1987: Distribution and Abstract Types in Emerald Black et al. (1987)
One of the first major implementations of distributed objects containing distribution-specific calling conventions, such as call-by-move.
1987: A Critique of the Remote Procedure Call Paradigm Tanenbaum and Renesse (1987)
Tanenbaum and van Renesse provide a criticism, similar to the one in RFC 684, on why the RPC model is the wrong model for distributed computing.
1988: Distributed Programing in Argus Liskov (1988)
In Argus, atomic units of computation referred to as “guardians” coordinate application of effects and rollback.
1988: RFC 1057,
“Remote Procedure Call Protocol Specification, Version 2”
Defines sunrpc as a standard along with its supporting infrastructure, such as portmapper, that’s used in the creation of NFS.
1991: CORBA 1.0
CORBA 1.0 introduces distributed objects.
1994: A Note On Distributed Computing Kendall et al. (1994)
Kendall et al. also talk in great length about why the RPC model, extended to objects, is problematic.
1996: A Distributed Object Model for the Java System Wollrath, Riggs, and Waldo (1996)
Introduces the Java RMI system.
1997: CORBA 2.0
CORBA 2.0 represents the major release of CORBA that most people are familiar with.
1999-: EJB, XML-RPC, SOAP, REST, Thrift, Finagle, gRPC, etc.
Modern day RPC mechanisms.

Overview

Remote Procedure Call (RPC) is a general term for executing a subroutine in a different address space without writing the actual code used to perform the remote execution. To provide an example, we can imagine a user wishing to invoke the random number generator function on another machine, but, the only difference between the local and remote invocation is supplying an additional node identifier where it should occur. While not the first implementation, because it was preceded by Apollo Computer’s Network Computing System (NCS), the first major implementation to be widely known and adopted was the SunRPC mechanism, from Sun Microsystems, used to back their Network File System (NFS).

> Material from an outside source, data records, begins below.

Lemma nonbacktracking_shift f L a L' :
  nonbacktracking f L -> a + L' <= L -> nonbacktracking (fun i => f (a + i)) L'.
Proof. by move=> fnb aL i iL; rewrite !addnS; apply: fnb; lia. Qed.

Lemma is_var_walk f L i :
  is_walk f L -> i <= L -> is_var (f i) = is_var (f 0) (+) odd i.
Proof.
move=> fw; elim: i => [|i IH] iL; first by rewrite addbF.
by rewrite (adj_is_var (fw i iL)) IH 1?ltnW // oddS addbN.
Qed.

Lemma walk_alternates f L u :
  is_walk f L -> 0 < L -> f 0 = inl u ->
  exists (v : nat -> 'I_n) (c : nat -> 'I_m),
    (forall j, 2 * j <= L -> f (2 * j) = inl (v j)) /\
    (forall j, 2 * j < L -> f (2 * j).+1 = inr (c j)).
Proof.
move=> fw L0 f0.
have parity i : i <= L -> is_var (f i) = ~~ odd i.
  by move=> iL; rewrite (is_var_walk fw iL) f0.
have := parity 1 L0; case: (f 1) => [//|c0 _].
exists (fun j => if f (2 * j) is inl v then v else u).
exists (fun j => if f (2 * j).+1 is inr c then c else c0).
split=> j /parity; rewrite ?oddS oddM.
  by case: (f (2 * j)).
by case: (f (2 * j).+1).
Qed.

Lemma var_closed_walk_cycle f L :
  is_walk f L -> is_var (f 0) -> 2 < L -> f L = f 0 ->
  injective (fun i : 'I_L => f i) -> has_cycle_of_length H L.
Proof.
move=> fw f0 L2 fL finj.
have f_inj i j : i < L -> j < L -> f i = f j -> i = j.
  by move=> iL jL fij; have /(congr1 val) := finj (Ordinal iL) (Ordinal jL) fij.
have evenL : ~~ odd L.
  by have := is_var_walk fw (leqnn L); rewrite fL f0 => /esym.
set k := L./2.
have Lk : L = 2 * k by rewrite mul2n -[LHS]odd_double_half (negbTE evenL).
case E0: (f 0) f0 => [u|] // _.
have [v [c [fv fc]]] := walk_alternates fw (ltnW (ltnW L2)) E0.
have vk : v k = v 0.
  by apply: (@inl_inj _ 'I_m); rewrite -fv -?fv -?Lk ?fL ?muln0 //; lia.
exists k, (fun j : 'I_k => v j), (fun j : 'I_k => c j); split => //.
- lia.
- move=> i j /= vij; apply: ord_inj; have := ltn_ord i; have := ltn_ord j => jk ik.
  suff: 2 * i = 2 * j by lia.
  by apply: f_inj; rewrite ?fv ?vij //; lia.
- move=> i j /= cij; apply: ord_inj; have := ltn_ord i; have := ltn_ord j => jk ik.
  suff: (2 * i).+1 = (2 * j).+1 by lia.
  by apply: f_inj; rewrite ?fc ?cij //; lia.
- move=> i; have ik := ltn_ord i; apply/andP; split.
    have iL : 2 * i < L by lia.
    by have := fw _ iL; rewrite (fv _ (ltnW iL)) (fc _ iL).
  have -> : v (ordS i) = v i.+1.
    rewrite /=; case: (ltnP i.+1 k) => [lt|ge]; first by rewrite modn_small.
    have -> : i.+1 = k by lia.
    by rewrite modnn vk.
  have iL : (2 * i).+1 < L by lia.
  have i1L : 2 * i.+1 <= L by lia.
  have := fw _ iL; rewrite (fc _ (ltnW iL)) (_ : (2 * i).+2 = 2 * i.+1); last lia.
  by rewrite (fv _ i1L).
Qed.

Remote Procedure Call mechanisms you may be more familiar with are Java’s Remote Method Invocation (RMI), it’s predecessor Modula-3’s Network Objects, XML-RPC, SOAP, CORBA, Avro, Facebook’s, (now Apache) Thrift, Google’s Protocol Buffers with Stubby, Twitter’s Finagle, and Google’s gRPC.

RFC 684

“Rather, we take exception to PCP’s underlying premise: that the procedure calling discipline is the starting point for building multi-computer systems.”

RFC 684 is commentary on RFC 674 that introduced the Procedure Call Paradigm, Version 2 (PCP). This commentary highlights, what boils down to, three major points from a critical analysis of the Procedure Call Paradigm.

Procedure calling is usually a primitive operation; by primitive, it should be an extremely fast context switch operation performed by the underlying abstraction.
Local and remote calls each have different cost profiles; remote calls can be delayed, and in the event of failure, may never return.
Asynchronous message passing, or sending a message and waiting for a response when the response is needed, is a much better model because it makes the passing of messages explicit.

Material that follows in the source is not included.